[Collected data]
┄┄┄┄┄┄┄┄┄┄

(* Let $\psi^{(0)}\in\mathbb{R}$ and $\psi^{(1)}\in\mathbb{R}^2$ be realizable, i.e. $\psi^{(0)}>0$ and $|\psi^{(1)}|\le \psi^{(0)}$, and let $\psi^{(2)}=\psi^{(2)}(\psi^{(0)},\psi^{(1)})$ be given by the $M_1$ closure. Let $\nu\in\mathbb{R}^2$ be an arbitrary unit vector. Then for each choice of sign, the pair $\bigl(\psi^{(0)}\pm \psi^{(1)}\cdot\nu,\ \psi^{(1)}\pm \psi^{(2)}\nu\bigr)$ is realizable.
   Context: Moments of an angular flux $\psi\ge 0$ (a non-negative density or measure, Dirac masses allowed) on the unit sphere are $\psi^{(0)}=\int\psi\,d\Omega$, $\psi^{(1)}=\int\Omega\psi\,d\Omega$, $\psi^{(2)}=\int\Omega\Omega^T\psi\,d\Omega$. A pair $(\psi^{(0)},\psi^{(1)})$ is called realizable if it is the zeroth and first moment of a non-negative density; this holds iff $\psi^{(0)}>0$ and $|\psi^{(1)}|\le\psi^{(0)}$. The $M_1$ closure (entropy closure for photons) is $\psi^{(2)}=D(\psi^{(1)}/\psi^{(0)})\,\psi^{(0)}$ with $D(n)=\frac{1-\chi(|n|)}{2}\mathrm{id}+\frac{3\chi(|n|)-1}{2}\frac{nn^T}{|n|^2}$ and Eddington factor $\chi(f)=\frac{3+4f^2}{5+2\sqrt{4-3f^2}}$ for $f\in[0,1]$; $\psi^{(2)}$ is the second moment of a non-negative density realizing $(\psi^{(0)},\psi^{(1)})$ (the entropy minimizer). Here the problem is two-dimensional: $\psi^{(1)}\in\mathbb{R}^2$, $\psi^{(2)}$ is a $2\times2$ matrix. *)

From HB Require Import structures.
From mathcomp Require Import all_boot all_order all_algebra.
Set Implicit Arguments. Unset Strict Implicit. Unset Printing Implicit Defensive.
Import Order.TTheory GRing.Theory Num.Theory.
Local Open Scope ring_scope.

Section M1.
Variable R : rcfType.

Definition dot2 (u v : 'cV[R]_2) : R := \sum_(i < 2) u i 0 * v i 0.
Definition vnorm2 (u : 'cV[R]_2) : R := Num.sqrt (dot2 u u).

(* Realizability of (psi0, psi1): moments of a non-negative measure on the
   unit circle (Dirac masses and the zero measure allowed); the set of such
   moment pairs is the closed cone |psi1| <= psi0 (which forces psi0 >= 0). *)
Definition realizable (p0 : R) (p1 : 'cV[R]_2) : Prop :=
  0 <= p0 /\ vnorm2 p1 <= p0.

Definition eddington (f : R) : R :=
  (3 + 4 * f ^+ 2) / (5 + 2 * Num.sqrt (4 - 3 * f ^+ 2)).

(* D(n) = (1-chi)/2 id + (3chi-1)/2 n n^T / |n|^2 ; at n = 0 the second term
   has coefficient (3 chi(0) - 1)/2 = 0 and division by 0 is 0 in MathComp. *)
Definition Dmat (n : 'cV[R]_2) : 'M[R]_2 :=
  let chi := eddington (vnorm2 n) in
  ((1 - chi) / 2) *: 1%:M
  + ((3 * chi - 1) / 2 / (vnorm2 n) ^+ 2) *: (n *m n^T).

Definition psi2_M1 (p0 : R) (p1 : 'cV[R]_2) : 'M[R]_2 :=
  p0 *: Dmat (p0^-1 *: p1).

End M1.

From mathcomp Require Import all_boot all_order all_algebra.
From mathcomp Require Import ring lra.
Import Order.TTheory GRing.Theory Num.Theory.
Set Implicit Arguments.
Unset Strict Implicit.
Unset Printing Implicit Defensive.
Local Open Scope ring_scope.

(* Both realizability and the M1 closure are homogeneous, so it suffices to
   treat psi0 = 1 and psi1 = n with |n| <= 1.  Put r = sqrt (4 - 3 |n|^2),
   so 1 <= r <= 2 and chi(|n|) = (5 - 2 r) / 3; then the closure acts as
   D(n) nu = (r - 1)/3 nu + 3/(2 + r) (n.nu) n.  With t = +-(n.nu), the
   squared norm of n +- D(n) nu falls short of (1 + t)^2 by exactly
   2 (r - 1) (3 t + 2 + r)^2 / (9 (2 + r)) >= 0, while 1 + t >= 0 by
   Cauchy-Schwarz. *)

Section Euclid2.
Variable R : rcfType.
Implicit Types (a b x y : R) (u v : 'cV[R]_2).

Lemma dot2E u v : dot2 u v = u 0 0 * v 0 0 + u 1 0 * v 1 0.
Proof.
rewrite /dot2 big_ord_recl big_ord1.
by have -> : lift ord0 ord0 = 1 :> 'I_2 by apply/val_inj.
Qed.

Lemma dot2Zl a u v : dot2 (a *: u) v = a * dot2 u v.
Proof. by rewrite !dot2E !mxE; ring. Qed.

Lemma dot2_ge0 u : 0 <= dot2 u u.
Proof. by rewrite dot2E -!expr2 addr_ge0 ?sqr_ge0. Qed.

Lemma dot2_sqr_le u v : dot2 u v ^+ 2 <= dot2 u u * dot2 v v.
Proof.
have lagrange : dot2 u u * dot2 v v - dot2 u v ^+ 2
    = (u 0 0 * v 1 0 - u 1 0 * v 0 0) ^+ 2.
  by rewrite !dot2E; ring.
by rewrite -subr_ge0 lagrange sqr_ge0.
Qed.

Lemma dot2_lincomb x y u v :
  dot2 (x *: u + y *: v) (x *: u + y *: v)
    = x ^+ 2 * dot2 u u + 2 * x * y * dot2 u v + y ^+ 2 * dot2 v v.
Proof. by rewrite !dot2E !mxE; ring. Qed.

Lemma trmx_mul_col u v : u^T *m v = (dot2 u v)%:M.
Proof.
apply/matrixP => i j; rewrite !ord1 !mxE /dot2 /=.
by apply: eq_bigr => k _; rewrite mxE.
Qed.

Lemma vnorm2_sqr u : vnorm2 u ^+ 2 = dot2 u u.
Proof. exact/sqr_sqrtr/dot2_ge0. Qed.

Lemma vnorm2Z a u : vnorm2 (a *: u) = `|a| * vnorm2 u.
Proof.
rewrite /vnorm2; have -> : dot2 (a *: u) (a *: u) = a ^+ 2 * dot2 u u.
  by rewrite !dot2E !mxE; ring.
by rewrite sqrtrM ?sqr_ge0 // sqrtr_sqr.
Qed.

Lemma vnorm2_le u b : 0 <= b -> (vnorm2 u <= b) = (dot2 u u <= b ^+ 2).
Proof. by move=> b_ge0; rewrite -{1}(ger0_norm b_ge0) -sqrtr_sqr ler_sqrt ?sqr_ge0. Qed.

Lemma realizableZ a p0 (p1 : 'cV[R]_2) :
  0 <= a -> realizable p0 p1 -> realizable (a * p0) (a *: p1).
Proof.
move=> a_ge0 [p0_ge0 p1_le]; split; first exact: mulr_ge0.
by rewrite vnorm2Z ger0_norm // ler_wpM2l.
Qed.

End Euclid2.

Section M1Closure.
Variable R : rcfType.
Implicit Types (f r t : R) (n nu : 'cV[R]_2).

Definition m1_root f : R := Num.sqrt (4 - 3 * f ^+ 2).

Lemma m1_root_sqr f : f ^+ 2 <= 1 -> m1_root f ^+ 2 = 4 - 3 * f ^+ 2.
Proof. by move=> f_le1; rewrite sqr_sqrtr //; lra. Qed.

Lemma m1_root_ge1 f : f ^+ 2 <= 1 -> 1 <= m1_root f.
Proof. by move=> f_le1; rewrite -sqrtr1 ler_sqrt; lra. Qed.

Lemma eddington_m1_root f : f ^+ 2 <= 1 -> eddington f = (5 - 2 * m1_root f) / 3.
Proof.
move=> f_le1; have r_ge1 := m1_root_ge1 f_le1.
have f2E : f ^+ 2 = (4 - m1_root f ^+ 2) / 3 by rewrite m1_root_sqr //; field.
by rewrite /eddington -/(m1_root f) f2E; field; lra.
Qed.

Lemma Dmat_mulmx n nu :
  Dmat n *m nu = (1 - eddington (vnorm2 n)) / 2 *: nu
    + ((3 * eddington (vnorm2 n) - 1) / 2 / vnorm2 n ^+ 2 * dot2 n nu) *: n.
Proof.
rewrite /Dmat mulmxDl -!scalemxAl mul1mx -mulmxA trmx_mul_col.
by rewrite mul_mx_scalar scalerA.
Qed.

Lemma Dmat_mulmx_m1_root n nu : vnorm2 n <= 1 ->
  Dmat n *m nu = (m1_root (vnorm2 n) - 1) / 3 *: nu
    + (3 / (2 + m1_root (vnorm2 n)) * dot2 n nu) *: n.
Proof.
move=> n_le1; set f := vnorm2 n.
have f2_le1 : f ^+ 2 <= 1 by rewrite expr_le1 ?sqrtr_ge0.
rewrite Dmat_mulmx eddington_m1_root //; congr (_ *: _ + _); first by field.
set r := m1_root f; set k := dot2 n nu.
have r_ge1 : 1 <= r := m1_root_ge1 f2_le1.
have f2E : f ^+ 2 = (4 - r ^+ 2) / 3 by rewrite m1_root_sqr //; field.
have [f2_eq0|f2_neq0] := eqVneq (f ^+ 2) 0.
  have k_eq0 : k = 0.
    apply/eqP; rewrite -sqrf_eq0 eq_le sqr_ge0 andbT.
    by have := dot2_sqr_le n nu; rewrite -vnorm2_sqr -/f f2_eq0 mul0r.
  by rewrite k_eq0 !mulr0.
have r2_neq0 : 2 + r != 0 by lra.
congr (_ *: n); rewrite f2E; field; rewrite r2_neq0 /=.
by move: f2_neq0; rewrite f2E mulf_eq0 negb_or => /andP[].
Qed.

Lemma m1_flux_sqr_le r t : 1 <= r ->
  (1 + 3 / (2 + r) * t) ^+ 2 * ((4 - r ^+ 2) / 3)
    + 2 * ((r - 1) / 3) * t * (1 + 3 / (2 + r) * t) + ((r - 1) / 3) ^+ 2
  <= (1 + t) ^+ 2.
Proof.
move=> r_ge1; rewrite -subr_ge0; set defect := (X in 0 <= X).
have -> : defect = 2 * (r - 1) * (3 * t + 2 + r) ^+ 2 / (9 * (2 + r)).
  by rewrite /defect; field; lra.
apply: divr_ge0; last lra.
by rewrite mulr_ge0 ?sqr_ge0 //; lra.
Qed.

Lemma realizable_M1_flux n nu s : vnorm2 n <= 1 -> vnorm2 nu = 1 -> s ^+ 2 = 1 ->
  realizable (1 + s * dot2 n nu) (n + s *: (Dmat n *m nu)).
Proof.
move=> n_le1 nu_unit s_sqr; set f := vnorm2 n; set k := dot2 n nu.
have f2_le1 : f ^+ 2 <= 1 by rewrite expr_le1 ?sqrtr_ge0.
set r := m1_root f; have r_ge1 : 1 <= r := m1_root_ge1 f2_le1.
set t := s * k; set a := (r - 1) / 3; set c := 3 / (2 + r).
have t_sqr_le1 : t ^+ 2 <= 1.
  have := dot2_sqr_le n nu; rewrite -!vnorm2_sqr nu_unit -/f -/k.
  by rewrite /t exprMn s_sqr; lra.
have t_ge : 0 <= 1 + t by nra.
split => //.
have -> : n + s *: (Dmat n *m nu) = (1 + c * t) *: n + (s * a) *: nu.
  rewrite Dmat_mulmx_m1_root // -/f -/r -/a -/c -/k /t.
  by rewrite scalerDr !scalerA scalerDl scale1r [s * (c * k)]mulrCA addrA addrAC.
rewrite vnorm2_le // dot2_lincomb -!vnorm2_sqr nu_unit -/f -/k.
have -> : f ^+ 2 = (4 - r ^+ 2) / 3 by rewrite m1_root_sqr //; field.
have -> : 2 * (1 + c * t) * (s * a) * k = 2 * a * t * (1 + c * t) by rewrite /t; ring.
rewrite expr1n mulr1 exprMn s_sqr mul1r.
exact: m1_flux_sqr_le.
Qed.

End M1Closure.

Theorem lemma1 (R : rcfType) (p0 : R) (p1 : 'cV[R]_2) (nu : 'cV[R]_2)
  (hp0 : 0 < p0) (hreal : realizable p0 p1) (hnu : vnorm2 nu = 1)
  (s : R) (hs : s = 1 \/ s = -1) :
  realizable (p0 + s * dot2 p1 nu) (p1 + s *: (psi2_M1 p0 p1 *m nu)).
Proof.
have p0_neq0 : p0 != 0 by rewrite gt_eqF.
have psi2E : psi2_M1 p0 p1 = p0 *: Dmat (p0^-1 *: p1) by [].
rewrite psi2E; set n := p0^-1 *: p1.
have p1E : p1 = p0 *: n by rewrite /n scalerA divff // scale1r.
have n_le1 : vnorm2 n <= 1.
  case: hreal => _ p1_le.
  by rewrite /n vnorm2Z ger0_norm ?invr_ge0 ?(ltW hp0) // ler_pdivrMl // mulr1.
have s_sqr : s ^+ 2 = 1 by case: hs => ->; rewrite ?sqrrN expr1n.
have := realizableZ (ltW hp0) (realizable_M1_flux n_le1 hnu s_sqr).
clearbody n; subst p1.
by rewrite dot2Zl scalerDr -scalemxAl !scalerA mulrDr mulr1 mulrCA [p0 * s]mulrC.
Qed.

┄┄┄┄┄┄┄┄┄┄

* _Work required_:
Say only how many lines above contain "Unset", with no other words.

* _Answer box_:
3